Definition mcons n (t : 'I_k.+1 * 'I_k.+1 * 'I_k.+1) (m : monomial k n) : monomial k n.+1 :=
  (fcons t.1.1 m.1.1, fcons t.1.2 m.1.2, fcons t.2 m.2).

Lemma sum_monomialS n (F : monomial k n.+1 -> nat) :
  \sum_m F m = \sum_(A < k.+1) \sum_(B < k.+1) \sum_(C < k.+1)
                 \sum_(m : monomial k n) F (mcons (A, B, C) m).
Proof.
rewrite !pair_big /= (reindex (fun p => mcons p.1 p.2)) /=.
  by apply: eq_bigr => -[[[A B] C] m].
exists (fun m : monomial k n.+1 =>
    ((m.1.1 ord0, m.1.2 ord0, m.2 ord0), (ftail m.1.1, ftail m.1.2, ftail m.2)))
  => [[[[A B] C] [[fa fb] fc]] | [[fa fb] fc]] _;
  by rewrite /mcons /= ?fcons0 ?ftail_fcons ?fcons_ftail.
Qed.

Definition ehf_at (a b c : nat -> nat) (i : nat) : bool :=
  [&& a i + a i.+1 + b i.+1 <= k, a i + b i.+1 + c i.+1 <= k,
      (0 < i) ==> (a i + b i + c i.+1 <= k) & (0 < i) ==> (b i + c i + c i.+1 <= k)].

Definition ehf_link (a b c : nat -> nat) (i : nat) : bool :=
  ehf_step (a i) (load (a i) (b i) (c i)) (a i.+1) (b i.+1) (c i.+1).

Lemma ehf_atS a b c i : ehf_at a b c i.+1 = ehf_link a b c i.+1.
Proof. rewrite /ehf_at /ehf_link /ehf_step /load; lia. Qed.

(* For the exponents of a monomial of length n the last triple checked, of index n, is
   zero. *)
Definition ehf_chain n (x s : nat) (a b c : nat -> nat) : bool :=
  ehf_step x s (a 0) (b 0) (c 0) && [forall i : 'I_n, ehf_link a b c i].

Lemma eq_ehf_chain n x s a b c a' b' c' : a =1 a' -> b =1 b' -> c =1 c' ->
  ehf_chain n x s a b c = ehf_chain n x s a' b' c'.
Proof.
move=> Ea Eb Ec; rewrite /ehf_chain !Ea !Eb !Ec; congr (_ && _).
by apply: eq_forallb => i; rewrite /ehf_link !Ea !Eb !Ec.
Qed.

Lemma ehf_chainS n x s a b c : ehf_chain n.+1 x s a b c =
  ehf_step x s (a 0) (b 0) (c 0) && ehf_chain n (a 0) (load (a 0) (b 0) (c 0))
    (fun i => a i.+1) (fun i => b i.+1) (fun i => c i.+1).
Proof. by rewrite /ehf_chain forall_ordS. Qed.

Lemma ehf_chain_at l n a b c : l <= k ->
  ehf_chain n (a 0) l (fun i => a i.+1) (fun i => b i.+1) (fun i => c i.+1)
  = [forall i : 'I_n.+1, ehf_at a b c i] && (c 1 <= k - l).
Proof.
move=> le_lk; rewrite forall_ordS andbAC; under eq_forallb do rewrite ehf_atS.
by congr (_ && _); rewrite /ehf_step /ehf_at; lia.
Qed.

Lemma ehf_chain_mcons n x s A B C (m : monomial k n) :
  ehf_chain n.+1 x s (ext (fcons A m.1.1)) (ext (fcons B m.1.2)) (ext (fcons C m.2))
  = ehf_step x s A B C && ehf_chain n A (load A B C) (ext m.1.1) (ext m.1.2) (ext m.2).
Proof.
rewrite ehf_chainS !ext_fcons0.
by rewrite (eq_ehf_chain _ _ _ (ext_fconsS A _) (ext_fconsS B _) (ext_fconsS C _)).
Qed.

Lemma is_ehf_mcons l n A B C (m : monomial k n) : l <= k ->
  is_ehf l (mcons (A, B, C) m)
  = [&& B == 0 :> nat, C == 0 :> nat,
        ehf_chain n A l (ext m.1.1) (ext m.1.2) (ext m.2) & A <= l].
Proof.
case: m => [[fa fb] fc] le_lk /=.
rewrite -(eq_ehf_chain _ _ _ (ext_fconsS A _) (ext_fconsS B _) (ext_fconsS C _)).
rewrite -[X in ehf_chain _ X](ext_fcons0 A fa) ehf_chain_at // /ehf_at !forall_and.
by rewrite !ext_fcons0 !andbA andbAC.
Qed.

Definition chain_count n (x s : nat) : nat :=
  \sum_(m : monomial k n) ehf_chain n x s (ext m.1.1) (ext m.1.2) (ext m.2).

= = = = =

■ EXERCISE: Reproduce the records above exactly, character for character.

■ EXERCISE ANSWER:
Definition mcons n (t : 'I_k.+1 * 'I_k.+1 * 'I_k.+1) (m : monomial k n) : monomial k n.+1 :=
  (fcons t.1.1 m.1.1, fcons t.1.2 m.1.2, fcons t.2 m.2).

Lemma sum_monomialS n (F : monomial k n.+1 -> nat) :
  \sum_m F m = \sum_(A < k.+1) \sum_(B < k.+1) \sum_(C < k.+1)
                 \sum_(m : monomial k n) F (mcons (A, B, C) m).
Proof.
rewrite !pair_big /= (reindex (fun p => mcons p.1 p.2)) /=.
  by apply: eq_bigr => -[[[A B] C] m].
exists (fun m : monomial k n.+1 =>
    ((m.1.1 ord0, m.1.2 ord0, m.2 ord0), (ftail m.1.1, ftail m.1.2, ftail m.2)))
  => [[[[A B] C] [[fa fb] fc]] | [[fa fb] fc]] _;
  by rewrite /mcons /= ?fcons0 ?ftail_fcons ?fcons_ftail.
Qed.

Definition ehf_at (a b c : nat -> nat) (i : nat) : bool :=
  [&& a i + a i.+1 + b i.+1 <= k, a i + b i.+1 + c i.+1 <= k,
      (0 < i) ==> (a i + b i + c i.+1 <= k) & (0 < i) ==> (b i + c i + c i.+1 <= k)].

Definition ehf_link (a b c : nat -> nat) (i : nat) : bool :=
  ehf_step (a i) (load (a i) (b i) (c i)) (a i.+1) (b i.+1) (c i.+1).

Lemma ehf_atS a b c i : ehf_at a b c i.+1 = ehf_link a b c i.+1.
Proof. rewrite /ehf_at /ehf_link /ehf_step /load; lia. Qed.

(* For the exponents of a monomial of length n the last triple checked, of index n, is
   zero. *)
Definition ehf_chain n (x s : nat) (a b c : nat -> nat) : bool :=
  ehf_step x s (a 0) (b 0) (c 0) && [forall i : 'I_n, ehf_link a b c i].

Lemma eq_ehf_chain n x s a b c a' b' c' : a =1 a' -> b =1 b' -> c =1 c' ->
  ehf_chain n x s a b c = ehf_chain n x s a' b' c'.
Proof.
move=> Ea Eb Ec; rewrite /ehf_chain !Ea !Eb !Ec; congr (_ && _).
by apply: eq_forallb => i; rewrite /ehf_link !Ea !Eb !Ec.
Qed.

Lemma ehf_chainS n x s a b c : ehf_chain n.+1 x s a b c =
  ehf_step x s (a 0) (b 0) (c 0) && ehf_chain n (a 0) (load (a 0) (b 0) (c 0))
    (fun i => a i.+1) (fun i => b i.+1) (fun i => c i.+1).
Proof. by rewrite /ehf_chain forall_ordS. Qed.

Lemma ehf_chain_at l n a b c : l <= k ->
  ehf_chain n (a 0) l (fun i => a i.+1) (fun i => b i.+1) (fun i => c i.+1)
  = [forall i : 'I_n.+1, ehf_at a b c i] && (c 1 <= k - l).
Proof.
move=> le_lk; rewrite forall_ordS andbAC; under eq_forallb do rewrite ehf_atS.
by congr (_ && _); rewrite /ehf_step /ehf_at; lia.
Qed.

Lemma ehf_chain_mcons n x s A B C (m : monomial k n) :
  ehf_chain n.+1 x s (ext (fcons A m.1.1)) (ext (fcons B m.1.2)) (ext (fcons C m.2))
  = ehf_step x s A B C && ehf_chain n A (load A B C) (ext m.1.1) (ext m.1.2) (ext m.2).
Proof.
rewrite ehf_chainS !ext_fcons0.
by rewrite (eq_ehf_chain _ _ _ (ext_fconsS A _) (ext_fconsS B _) (ext_fconsS C _)).
Qed.

Lemma is_ehf_mcons l n A B C (m : monomial k n) : l <= k ->
  is_ehf l (mcons (A, B, C) m)
  = [&& B == 0 :> nat, C == 0 :> nat,
        ehf_chain n A l (ext m.1.1) (ext m.1.2) (ext m.2) & A <= l].
Proof.
case: m => [[fa fb] fc] le_lk /=.
rewrite -(eq_ehf_chain _ _ _ (ext_fconsS A _) (ext_fconsS B _) (ext_fconsS C _)).
rewrite -[X in ehf_chain _ X](ext_fcons0 A fa) ehf_chain_at // /ehf_at !forall_and.
by rewrite !ext_fcons0 !andbA andbAC.
Qed.

Definition chain_count n (x s : nat) : nat :=
  \sum_(m : monomial k n) ehf_chain n x s (ext m.1.1) (ext m.1.2) (ext m.2).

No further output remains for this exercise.